EXERCISE BRIEF>
Gather the lines from the material that contain "uniformly".

DATA TO USE>

== == ==

Lemma orbit_point_shift N (m q t j : nat) (p z : int) : (j < N)%N -> (t <= m)%N ->
  exists2 j' : nat, (j' < N + m * q)%N & exists z' : int,
    j'%:R * alpha + z'%:~R = j%:R * alpha + z%:~R + t%:R * (q%:R * alpha - p%:~R).
Proof.
move=> ltjN letm; exists (j + t * q)%N.
  by rewrite -addSn; apply: leq_add ltjN (leq_mul letm (leqnn q)).
exists (z - t%:Z * p); rewrite natrD natrM rmorphB rmorphM /=.
by rewrite -[(t%:Z)%:~R]/(t%:R); ring.
Qed.

Lemma orbit_dense_step_up N L (q m : nat) (p : int) (d : R) :
  orbit_dense N L -> 0 < d -> q%:R * alpha - p%:~R = d ->
  m.+1%:R * d <= L -> orbit_dense (N + m * q) (L - m%:R * d).
Proof.
move=> dense d_gt0 Ed mdL a.
have [j ltjN [z /andP[lo hi]]] := dense (a - m%:R * d).
set s := j%:R * alpha + z%:~R - (a - m%:R * d).
have s_ge0 : 0 <= s by rewrite /s; lra.
have /andP[] := truncn_itv (divr_ge0 s_ge0 (ltW d_gt0)).
set u := Num.truncn _; rewrite ler_pdivlMr // ltr_pdivrMr // -natr1 => us su.
have [j' ltj'N [z' E]] := orbit_point_shift q p z ltjN (leq_subr u m).
exists j' => //; exists z'; rewrite E Ed; rewrite -natr1 in mdL; rewrite /s in us su.
have [leum|ltmu] := leqP u m; first by rewrite natrB // mulrBl; apply/andP; split; lra.
have : m%:R * d <= u%:R * d by rewrite ler_pM2r // ler_nat ltnW.
have -> : (m - u)%N = 0%N by apply/eqP; rewrite subn_eq0 ltnW.
by rewrite mul0r addr0 => mu; apply/andP; split; lra.
Qed.

Lemma orbit_dense_step_down N L (q m : nat) (p : int) (d : R) :
  orbit_dense N L -> 0 < d -> q%:R * alpha - p%:~R = - d ->
  m.+1%:R * d <= L -> orbit_dense (N + m * q) (L - m%:R * d).
Proof.
move=> dense d_gt0 Ed mdL a.
have [j ltjN [z /andP[lo hi]]] := dense a.
set s := j%:R * alpha + z%:~R - a.
have s_ge0 : 0 <= s by rewrite /s; lra.
have /andP[] := truncn_itv (divr_ge0 s_ge0 (ltW d_gt0)).
set u := Num.truncn _; rewrite ler_pdivlMr // ltr_pdivrMr // -natr1 => us su.
have [j' ltj'N [z' E]] := orbit_point_shift q p z ltjN (geq_minl m u).
exists j' => //; exists z'; rewrite E Ed; rewrite -natr1 in mdL; rewrite /s in us su.
have [lemu|ltum] := leqP m u.
  have : m%:R * d <= u%:R * d by rewrite ler_pM2r // ler_nat.
  by move=> mu; apply/andP; split; lra.
by apply/andP; split; lra.
Qed.
(* In the transductive setting, let $H$ be a hypothesis set bounded by $B$ and $L$ a uniformly $\beta$-cost-stable algorithm whose returned hypotheses lie in $H$. Let $h$ be the hypothesis returned by $L$ when trained on the random training set $S$ (with test set $T=X\setminus S$). Then for any $\delta>0$, with probability at least $1-\delta$ over the choice of $S$, $$R(h)\le\widehat R(h)+\beta+\Big(2\beta+\frac{B^2(m+u)}{mu}\Big)\sqrt{\frac{\alpha(m,u)\ln\frac1\delta}{2}},\qquad \alpha(m,u)=\frac{mu}{m+u-1/2}\cdot\frac{1}{1-1/(2\max\{m,u\})}.$$
   Context: Transductive setting: a fixed full sample $X=\{x_1,\dots,x_{m+u}\}$ of $m+u$ points, each with a real label $y(x)$. A training set $S\subset X$ of size $m$ is drawn uniformly at random without replacement, its labels are revealed, and $T=X\setminus S$ (of size $u$) is the test set. An algorithm $L$ maps $S$ (with labels) and $T$ to a hypothesis $h_S\colon X\to\mathbb{R}$. Loss: $c(h,x)=(h(x)-y(x))^2$. Training error $\widehat R(h)=\frac1m\sum_{x\in S}c(h,x)$, test error $R(h)=\frac1u\sum_{x\in T}c(h,x)$. Two training sets $S,S'$ differ in exactly one point if $S'=(S\setminus\{x\})\cup\{x'\}$ with $x\in S$, $x'\in X\setminus S$. $L$ is uniformly $\beta$-cost-stable if for all such pairs $S,S'$ and all $x\in X$, $|c(h_{S'},x)-c(h_S,x)|\le\beta$. A hypothesis set $H$ is bounded by $B>0$ if $|h(x)-y(x)|\le B$ for all $h\in H$, $x\in X$. *)

From mathcomp Require Import all_boot.
From Stdlib Require Import Reals.
Set Implicit Arguments. Unset Strict Implicit.

Definition sumR {n : nat} (A : {set 'I_n}) (f : 'I_n -> R) : R :=
  \big[Rplus/R0]_(i in A) f i.

Definition cost {n : nat} (y : 'I_n -> R) (h : 'I_n -> R) (x : 'I_n) : R :=
  ((h x - y x) ^ 2)%R.

Definition train_err {n : nat} (m : nat) (y h : 'I_n -> R) (S : {set 'I_n}) : R :=
  (sumR S (cost y h) / INR m)%R.

Definition test_err {n : nat} (u : nat) (y h : 'I_n -> R) (S : {set 'I_n}) : R :=
  (sumR (~: S) (cost y h) / INR u)%R.

Definition Rleb (a b : R) : bool := if Rle_dec a b then true else false.

(* probability of event P when S is a uniformly random subset of size m *)
Definition prob_subsets {n : nat} (m : nat) (P : {set 'I_n} -> bool) : R :=
  (INR #|[set S : {set 'I_n} | (#|S| == m) && P S]|
   / INR #|[set S : {set 'I_n} | #|S| == m]|)%R.

Definition alpha (m u : nat) : R :=
  ((INR m * INR u) / (INR m + INR u - / 2)
   * / (1 - / (2 * Rmax (INR m) (INR u))))%R.

Definition bounded_by {n : nat} (y : 'I_n -> R) (H : ('I_n -> R) -> Prop) (B : R) : Prop :=
  forall h, H h -> forall x, (Rabs (h x - y x) <= B)%R.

== == ==

RESPONSE FOR THIS EXERCISE>
(* In the transductive setting, let $H$ be a hypothesis set bounded by $B$ and $L$ a uniformly $\beta$-cost-stable algorithm whose returned hypotheses lie in $H$. Let $h$ be the hypothesis returned by $L$ when trained on the random training set $S$ (with test set $T=X\setminus S$). Then for any $\delta>0$, with probability at least $1-\delta$ over the choice of $S$, $$R(h)\le\widehat R(h)+\beta+\Big(2\beta+\frac{B^2(m+u)}{mu}\Big)\sqrt{\frac{\alpha(m,u)\ln\frac1\delta}{2}},\qquad \alpha(m,u)=\frac{mu}{m+u-1/2}\cdot\frac{1}{1-1/(2\max\{m,u\})}.$$
   Context: Transductive setting: a fixed full sample $X=\{x_1,\dots,x_{m+u}\}$ of $m+u$ points, each with a real label $y(x)$. A training set $S\subset X$ of size $m$ is drawn uniformly at random without replacement, its labels are revealed, and $T=X\setminus S$ (of size $u$) is the test set. An algorithm $L$ maps $S$ (with labels) and $T$ to a hypothesis $h_S\colon X\to\mathbb{R}$. Loss: $c(h,x)=(h(x)-y(x))^2$. Training error $\widehat R(h)=\frac1m\sum_{x\in S}c(h,x)$, test error $R(h)=\frac1u\sum_{x\in T}c(h,x)$. Two training sets $S,S'$ differ in exactly one point if $S'=(S\setminus\{x\})\cup\{x'\}$ with $x\in S$, $x'\in X\setminus S$. $L$ is uniformly $\beta$-cost-stable if for all such pairs $S,S'$ and all $x\in X$, $|c(h_{S'},x)-c(h_S,x)|\le\beta$. A hypothesis set $H$ is bounded by $B>0$ if $|h(x)-y(x)|\le B$ for all $h\in H$, $x\in X$. *)
(* probability of event P when S is a uniformly random subset of size m *)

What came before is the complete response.